Thursday, September 7, 2023

Exploring AI -- Prompting


 One of the keys to making AI work for you is being able to tell the AI very clearly what you need from it. After all, no matter how smart AI is, it's only going to be as smart as you tell it to be! Telling an AI tool what to do is called prompting, and that has spawned a new term -- promptcrafting. The book The AI Classroom: The Ultimate Guide to Artificial Intelligence in Education has probably the best framework I've seen for creating a prompt. It's called PREP:

  • P -- PROMPT: introduce the question to the AI tool with a prompt, what you want it to do.
  • R -- ROLE: give it a role.
  • E -- EXPLICIT: be as detailed as you can in what you want it to do.
  • P -- PARAMETERS: set up the parameters of the answer.
Here's a rough example. Let's say I want to create some study questions for the novel Fahrenheit 451. I could go to a tool like ChatGPT and ask it to write some discussion questions for the novel, but I may not get great results. A better way to ask would be something like this: "Create a list of discussion questions for the novel Fahrenheit 451. You are a teacher who wants to be sure her students understand the novel and can think critically about it. There should be at least 20 questions at all different levels of Bloom's taxonomy. The questions should be answerable by 8th grade students. Provide suggested answers for the questions as well." By giving all this information, you are more likely to get useful results. The great thing is that if you feel like you didn't get what you wanted, you can regenerate a response or refine it!

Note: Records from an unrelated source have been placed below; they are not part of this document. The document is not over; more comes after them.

(* Let $q$ be a positive integer and $I\subseteq\{0,1,\dots,q-1\}$, with complement $I^c=\{0,1,\dots,q-1\}\setminus I$. Let $k_1,k_2\ge0$, $p_i\ge 0$ ($1\le i\le k_1$), $q_i\ge0$ ($1\le i\le k_2$) be integers and $s_i,a_{ij},t_i,b_{ij},a,\nu$ integers (empty sums are $0$). Let $B(n)=\lceil n/q\rceil$. Then $$B(n)=\sum_{i=1}^{k_1}B\Big(n-s_i-\sum_{j=1}^{p_i}B(n-a_{ij})\Big)+\sum_{i=1}^{k_2}B\Big(-t_i+\sum_{j=1}^{q_i}B(n-b_{ij})\Big)+B\Big(n-a-\sum_{j\in I}B(n-j)\Big)+\nu$$ holds for all integers $n$ if and only if $$B(n)=\sum_{i=1}^{k_1}B\Big(n-s_i-\sum_{j=1}^{p_i}B(n-a_{ij})\Big)+\sum_{i=1}^{k_2}B\Big(-t_i+\sum_{j=1}^{q_i}B(n-b_{ij})\Big)+B\Big(-a+\sum_{j\in I^c}B(n-j)\Big)+\nu$$ holds for all integers $n$.
   Context: Equivalently: $\lceil n/q\rceil$ formally satisfies the first recursion (with a Conolly-type term $R(n-a-\sum_{j\in I}R(n-j))$) if and only if it formally satisfies the second (with the Conway-type term $R(-a+\sum_{j\notin I}R(n-j))$), where formal satisfaction means the equation holds for all integers $n$ after substituting $\lceil \cdot/q\rceil$ for $R$. *)

From Stdlib Require Import ZArith List.
Import ListNotations.
Open Scope Z_scope.

(* ceiling division: ceil(n/q) for q > 0 (Z.div rounds toward -infinity) *)
Definition ceilq (q n : Z) : Z := - ((- n) / q).

Definition sumZ (l : list Z) : Z := fold_right Z.add 0 l.

Definition sum_range_filter (q : nat) (P : nat -> bool) (f : Z -> Z) : Z :=
  sumZ (map (fun j => f (Z.of_nat j)) (filter P (seq 0 q))).

Definition common_part (B : Z -> Z)
  (A : list (Z * list Z)) (T : list (Z * list Z)) (n : Z) : Z :=
  sumZ (map (fun sa => B (n - fst sa - sumZ (map (fun aij => B (n - aij)) (snd sa)))) A)
  + sumZ (map (fun tb => B (- fst tb + sumZ (map (fun bij => B (n - bij)) (snd tb)))) T).

(* The two recursions differ only in the argument of their last term, and those
   arguments agree: by Hermite's identity for the ceiling,
   sum_{j=0}^{q-1} ceil((n - j)/q) = n, so that
   n - sum_{j in I} ceil((n - j)/q) = sum_{j notin I} ceil((n - j)/q). *)

From Stdlib Require Import ZArith List Lia.
Open Scope Z_scope.

Lemma sumZ_app (l1 l2 : list Z) : sumZ (l1 ++ l2) = sumZ l1 + sumZ l2.
Proof. induction l1 as [|x l1 IH]; unfold sumZ in *; cbn; lia. Qed.

Lemma sumZ_map_filter_split {X : Type} (P : X -> bool) (g : X -> Z) (l : list X) :
  sumZ (map g (filter P l)) + sumZ (map g (filter (fun x => negb (P x)) l))
  = sumZ (map g l).
Proof.
  induction l as [|x l IH]; unfold sumZ in *; cbn; [|destruct (P x); cbn]; lia.
Qed.

Lemma sum_range_filter_split (q : nat) (P : nat -> bool) (f : Z -> Z) :
  sum_range_filter q P f + sum_range_filter q (fun j => negb (P j)) f
  = sumZ (map (fun j => f (Z.of_nat j)) (seq 0 q)).
Proof. apply sumZ_map_filter_split. Qed.

Lemma ceilq_mul_add_sub (q m r j : Z) : 0 < q -> 0 <= r < q -> 0 <= j < q ->
  ceilq q (q * m + r - j) = m + (if j <? r then 1 else 0).
Proof.
  intros Hq Hr Hj; unfold ceilq.
  replace (- (q * m + r - j)) with ((j - r) + (- m) * q) by lia.
  rewrite Z.div_add by lia.
  destruct (Z.ltb_spec j r) as [Hjr | Hrj].
  - assert (Hdiv : (j - r) / q = -1).
    { symmetry; apply Z.div_unique with (r := j - r + q); lia. }
    lia.
  - rewrite Z.div_small by lia; lia.
Qed.

Lemma sum_ceilq_prefix (q : nat) (m r : Z) (k : nat) :
  0 <= r < Z.of_nat q -> (k <= q)%nat ->
  sumZ (map (fun j => ceilq (Z.of_nat q) (Z.of_nat q * m + r - Z.of_nat j)) (seq 0 k))
  = Z.of_nat k * m + Z.min (Z.of_nat k) r.
Proof.
  intros Hr; induction k as [|k IH]; intros Hk; [unfold sumZ; cbn; lia|].
  rewrite seq_S, map_app, sumZ_app, IH, Nat2Z.inj_succ by lia; cbn [map].
  rewrite ceilq_mul_add_sub by lia.
  unfold sumZ; cbn; destruct (Z.ltb_spec (Z.of_nat k) r); lia.
Qed.

Lemma hermite_ceilq (q : nat) (n : Z) : (0 < q)%nat ->
  sumZ (map (fun j => ceilq (Z.of_nat q) (n - Z.of_nat j)) (seq 0 q)) = n.
Proof.
  intros Hq.
  pose proof (Z.div_mod n (Z.of_nat q) ltac:(lia)) as Hn.
  pose proof (Z.mod_pos_bound n (Z.of_nat q) ltac:(lia)) as Hr.
  rewrite Hn, sum_ceilq_prefix by lia; lia.
Qed.

Lemma conolly_arg_eq_conway_arg (q : nat) (inI : nat -> bool) (a n : Z) :
  (0 < q)%nat ->
  n - a - sum_range_filter q inI (fun j => ceilq (Z.of_nat q) (n - j))
  = - a + sum_range_filter q (fun j => negb (inI j)) (fun j => ceilq (Z.of_nat q) (n - j)).
Proof.
  intros Hq.
  pose proof (sum_range_filter_split q inI (fun j => ceilq (Z.of_nat q) (n - j))) as Hsplit.
  cbv beta in Hsplit; rewrite hermite_ceilq in Hsplit by exact Hq.
  lia.
Qed.

Theorem theorem7 (q : nat) (hq : (0 < q)%nat) (inI : nat -> bool)
  (A T : list (Z * list Z)) (a nu : Z) :
  (forall n : Z,
     ceilq (Z.of_nat q) n =
       common_part (ceilq (Z.of_nat q)) A T n
       + ceilq (Z.of_nat q)
           (n - a - sum_range_filter q inI (fun j => ceilq (Z.of_nat q) (n - j)))
       + nu)
  <->
  (forall n : Z,
     ceilq (Z.of_nat q) n =
       common_part (ceilq (Z.of_nat q)) A T n
       + ceilq (Z.of_nat q)
           (- a + sum_range_filter q (fun j => negb (inI j))
                    (fun j => ceilq (Z.of_nat q) (n - j)))
       + nu).
Proof.
  split; intros H n; rewrite H, (conolly_arg_eq_conway_arg q inI a n hq); reflexivity.
Qed.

If you're interested in getting really good at promptcrafting, here's a self-directed lesson from Code.org, Khan Academy, ISTE, and ETS that will walk you through promptcrafting for novices all the way up to experts! What I have discovered is that the more I practice writing good prompts, the better I am getting at it and it is saving me so much time!

Do you have a promptcrafting story to share? If so, I'd love for you to drop it in the comments! Did you write a good prompt, lousy prompt, revise a prompt? How did you like your results? The more we can share, the more we can learn from each other and become really skilled at leveraging AI tools!